■ Task statement
Type out the entries below again, character for character.
=== Begin Enclosure ===
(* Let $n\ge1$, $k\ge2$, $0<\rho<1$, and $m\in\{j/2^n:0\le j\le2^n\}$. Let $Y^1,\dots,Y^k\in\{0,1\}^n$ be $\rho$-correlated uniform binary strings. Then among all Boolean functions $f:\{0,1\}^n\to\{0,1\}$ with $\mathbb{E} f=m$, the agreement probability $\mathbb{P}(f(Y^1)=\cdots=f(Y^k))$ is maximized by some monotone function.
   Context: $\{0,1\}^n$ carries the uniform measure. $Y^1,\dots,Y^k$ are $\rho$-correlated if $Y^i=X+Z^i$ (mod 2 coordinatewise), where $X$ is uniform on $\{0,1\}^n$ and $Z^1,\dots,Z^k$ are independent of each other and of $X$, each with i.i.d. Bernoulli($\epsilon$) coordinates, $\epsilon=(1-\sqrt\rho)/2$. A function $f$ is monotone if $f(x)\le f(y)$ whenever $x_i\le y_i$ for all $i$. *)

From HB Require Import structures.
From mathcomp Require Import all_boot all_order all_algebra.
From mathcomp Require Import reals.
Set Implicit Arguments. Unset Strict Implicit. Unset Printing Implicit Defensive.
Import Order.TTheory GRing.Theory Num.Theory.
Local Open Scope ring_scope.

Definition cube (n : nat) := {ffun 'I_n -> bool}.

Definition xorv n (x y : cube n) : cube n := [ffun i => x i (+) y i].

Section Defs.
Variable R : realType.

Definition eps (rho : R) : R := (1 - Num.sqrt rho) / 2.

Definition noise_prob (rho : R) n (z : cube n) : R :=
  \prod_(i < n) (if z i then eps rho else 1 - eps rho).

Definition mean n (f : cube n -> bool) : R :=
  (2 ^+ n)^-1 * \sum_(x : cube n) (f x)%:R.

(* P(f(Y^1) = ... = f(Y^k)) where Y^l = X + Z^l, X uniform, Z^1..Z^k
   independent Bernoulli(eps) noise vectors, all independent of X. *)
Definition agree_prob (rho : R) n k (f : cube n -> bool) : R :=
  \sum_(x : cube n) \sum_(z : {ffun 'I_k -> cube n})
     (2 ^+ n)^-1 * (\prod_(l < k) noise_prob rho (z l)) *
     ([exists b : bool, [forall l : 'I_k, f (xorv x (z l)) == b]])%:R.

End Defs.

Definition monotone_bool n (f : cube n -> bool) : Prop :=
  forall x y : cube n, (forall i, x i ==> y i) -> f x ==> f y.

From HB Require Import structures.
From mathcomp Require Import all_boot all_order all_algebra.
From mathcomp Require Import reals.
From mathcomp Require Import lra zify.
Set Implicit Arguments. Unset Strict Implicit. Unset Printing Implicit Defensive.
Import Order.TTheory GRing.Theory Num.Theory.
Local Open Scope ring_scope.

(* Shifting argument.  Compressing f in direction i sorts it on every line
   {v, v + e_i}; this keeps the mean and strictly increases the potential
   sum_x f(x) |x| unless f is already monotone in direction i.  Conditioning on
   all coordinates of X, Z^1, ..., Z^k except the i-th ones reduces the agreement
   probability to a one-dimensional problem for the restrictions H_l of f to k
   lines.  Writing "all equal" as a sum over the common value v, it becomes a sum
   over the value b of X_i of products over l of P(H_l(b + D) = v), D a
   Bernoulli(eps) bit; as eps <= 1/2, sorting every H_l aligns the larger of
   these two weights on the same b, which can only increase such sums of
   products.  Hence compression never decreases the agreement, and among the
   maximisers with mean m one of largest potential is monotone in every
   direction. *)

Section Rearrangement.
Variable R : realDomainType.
=== End Enclosure ===
■ Response to the task
(* Let $n\ge1$, $k\ge2$, $0<\rho<1$, and $m\in\{j/2^n:0\le j\le2^n\}$. Let $Y^1,\dots,Y^k\in\{0,1\}^n$ be $\rho$-correlated uniform binary strings. Then among all Boolean functions $f:\{0,1\}^n\to\{0,1\}$ with $\mathbb{E} f=m$, the agreement probability $\mathbb{P}(f(Y^1)=\cdots=f(Y^k))$ is maximized by some monotone function.
   Context: $\{0,1\}^n$ carries the uniform measure. $Y^1,\dots,Y^k$ are $\rho$-correlated if $Y^i=X+Z^i$ (mod 2 coordinatewise), where $X$ is uniform on $\{0,1\}^n$ and $Z^1,\dots,Z^k$ are independent of each other and of $X$, each with i.i.d. Bernoulli($\epsilon$) coordinates, $\epsilon=(1-\sqrt\rho)/2$. A function $f$ is monotone if $f(x)\le f(y)$ whenever $x_i\le y_i$ for all $i$. *)

From HB Require Import structures.
From mathcomp Require Import all_boot all_order all_algebra.
From mathcomp Require Import reals.
Set Implicit Arguments. Unset Strict Implicit. Unset Printing Implicit Defensive.
Import Order.TTheory GRing.Theory Num.Theory.
Local Open Scope ring_scope.

Definition cube (n : nat) := {ffun 'I_n -> bool}.

Definition xorv n (x y : cube n) : cube n := [ffun i => x i (+) y i].

Section Defs.
Variable R : realType.

Definition eps (rho : R) : R := (1 - Num.sqrt rho) / 2.

Definition noise_prob (rho : R) n (z : cube n) : R :=
  \prod_(i < n) (if z i then eps rho else 1 - eps rho).

Definition mean n (f : cube n -> bool) : R :=
  (2 ^+ n)^-1 * \sum_(x : cube n) (f x)%:R.

(* P(f(Y^1) = ... = f(Y^k)) where Y^l = X + Z^l, X uniform, Z^1..Z^k
   independent Bernoulli(eps) noise vectors, all independent of X. *)
Definition agree_prob (rho : R) n k (f : cube n -> bool) : R :=
  \sum_(x : cube n) \sum_(z : {ffun 'I_k -> cube n})
     (2 ^+ n)^-1 * (\prod_(l < k) noise_prob rho (z l)) *
     ([exists b : bool, [forall l : 'I_k, f (xorv x (z l)) == b]])%:R.

End Defs.

Definition monotone_bool n (f : cube n -> bool) : Prop :=
  forall x y : cube n, (forall i, x i ==> y i) -> f x ==> f y.

From HB Require Import structures.
From mathcomp Require Import all_boot all_order all_algebra.
From mathcomp Require Import reals.
From mathcomp Require Import lra zify.
Set Implicit Arguments. Unset Strict Implicit. Unset Printing Implicit Defensive.
Import Order.TTheory GRing.Theory Num.Theory.
Local Open Scope ring_scope.

(* Shifting argument.  Compressing f in direction i sorts it on every line
   {v, v + e_i}; this keeps the mean and strictly increases the potential
   sum_x f(x) |x| unless f is already monotone in direction i.  Conditioning on
   all coordinates of X, Z^1, ..., Z^k except the i-th ones reduces the agreement
   probability to a one-dimensional problem for the restrictions H_l of f to k
   lines.  Writing "all equal" as a sum over the common value v, it becomes a sum
   over the value b of X_i of products over l of P(H_l(b + D) = v), D a
   Bernoulli(eps) bit; as eps <= 1/2, sorting every H_l aligns the larger of
   these two weights on the same b, which can only increase such sums of
   products.  Hence compression never decreases the agreement, and among the
   maximisers with mean m one of largest potential is monotone in every
   direction. *)

Section Rearrangement.
Variable R : realDomainType.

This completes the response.